**INPUT**

Lemma ginv_unique x y : gmul x y = gone -> x = ginv y.
Proof. by move=> e; rewrite -(gmul1r x) -(gmulVr y) gmulA e gmul1. Qed.

Lemma ginv1 : ginv (gone : G) = gone.
Proof. by rewrite -(gmul1r (ginv gone)) gmulV. Qed.

Lemma ginvK x : ginv (ginv x) = x.
Proof. by symmetry; apply: ginv_unique; apply: gmulVr. Qed.

Lemma ginvM x y : ginv (gmul x y) = gmul (ginv y) (ginv x).
Proof.
symmetry; apply: ginv_unique.
by rewrite -gmulA (gmulA (ginv x)) gmulV gmul1 gmulV.
Qed.

End GroupFacts.

Section Homomorphism.
Variables (G H : group) (f : G -> H).
Hypothesis hom_f : is_hom f.

Lemma hom1 : f gone = gone.
Proof. by apply: (@gmulI _ (f gone)); rewrite -hom_f gmul1 gmul1r. Qed.

Lemma homV x : f (ginv x) = ginv (f x).
Proof. by apply: ginv_unique; rewrite -hom_f gmulV hom1. Qed.

Lemma hom_gpow x e : f (gpow x e) = gpow (f x) e.
Proof. by case: e => //=; apply: homV. Qed.

End Homomorphism.

Lemma in_gen_sub (G : group) (A B : G -> Prop) x :
  (forall y, A y -> in_gen B y) -> in_gen A x -> in_gen B x.
Proof.
move=> sub_AB; elim=> {x} [x /sub_AB //| |x y _ hx _ hy|x _ hx].
- exact: gen_one.
- exact: gen_mul.
- exact: gen_inv.
Qed.

Lemma generating_sub (G : group) n k (S : tup G n) (T : tup G k) :
  generating S -> (forall i, exists j, T j = S i) -> generating T.
Proof.
move=> genS sub_ST x; apply: (in_gen_sub _ (genS x)) => _ [i <-].
by apply: gen_base; apply: sub_ST.
Qed.
Lemma gen_mxunits_prodr a' b' : gen (units_range mxunits_prod) (E' a' b').
Proof.
rewrite -[E' a' b']mul1r -E_units.2 mulr_suml; apply: gen_sum => t _.
by apply: gen_base; exists (t, a'), (t, b').
Qed.

End Product.

End MatrixUnits.

Lemma mxunits_inj_alg_hom (F : fieldType) (A B : algType F) (f : B -> A)
    (T : finType) (Q : T -> T -> B) :
  is_alg_hom f -> injective f -> mxunits (fun a b => f (Q a b)) <-> mxunits Q.
Proof.
move=> hf f_inj; have [_ _ fM f1] := hf.
have f_if (bb : bool) a d : f (if bb then Q a d else 0) = if bb then f (Q a d) else 0.
  by case: bb; rewrite ?alg_hom0.
split=> -[QM Q1]; split.
- by move=> a b c d; apply: f_inj; rewrite fM QM f_if.
- by apply: f_inj; rewrite alg_hom_sum // Q1 f1.
- by move=> a b c d; rewrite -fM QM f_if.
- by rewrite -alg_hom_sum // Q1.
Qed.

Lemma delta_mxunits (F : fieldType) n : mxunits (@delta_mx F n.+1 n.+1).
Proof.
split=> [a b c d|]; first by rewrite -mulmxE mul_delta_mx_cond; case: (b == c).
apply/matrixP => i j; rewrite summxE !mxE (bigD1 i) //= big1 => [|a ai].
  by rewrite mxE eqxx addr0 eq_sym.
by rewrite mxE eq_sym (negPf ai).
Qed.

Lemma mxrank_orth_idemD (F : fieldType) n (P R : 'M[F]_n) :
  P *m P = P -> R *m R = R -> P *m R = 0 -> R *m P = 0 ->
  \rank (P + R)%R = (\rank P + \rank R)%N.
Proof.
move=> PP RR PR RP; apply/eqP; rewrite eqn_leq mxrank_add /=.
have PRD : col_mx P R = col_mx P R *m (P + R).
  by rewrite mul_col_mx !mulmxDr PP RR PR RP addr0 add0r.
rewrite -rank_diag_block_mx.
have -> : block_mx P 0 0 R = col_mx P R *m row_mx P R by rewrite mul_col_row PP RR PR RP.
apply: leq_trans (mxrankM_maxl _ _) _.
by rewrite PRD; apply: mxrankM_maxr.
Qed.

**TASK ITEM**
Show each line from the listing above that includes the word "forall".

**EXPECTED ANSWER**
  (forall y, A y -> in_gen B y) -> in_gen A x -> in_gen B x.
  generating S -> (forall i, exists j, T j = S i) -> generating T.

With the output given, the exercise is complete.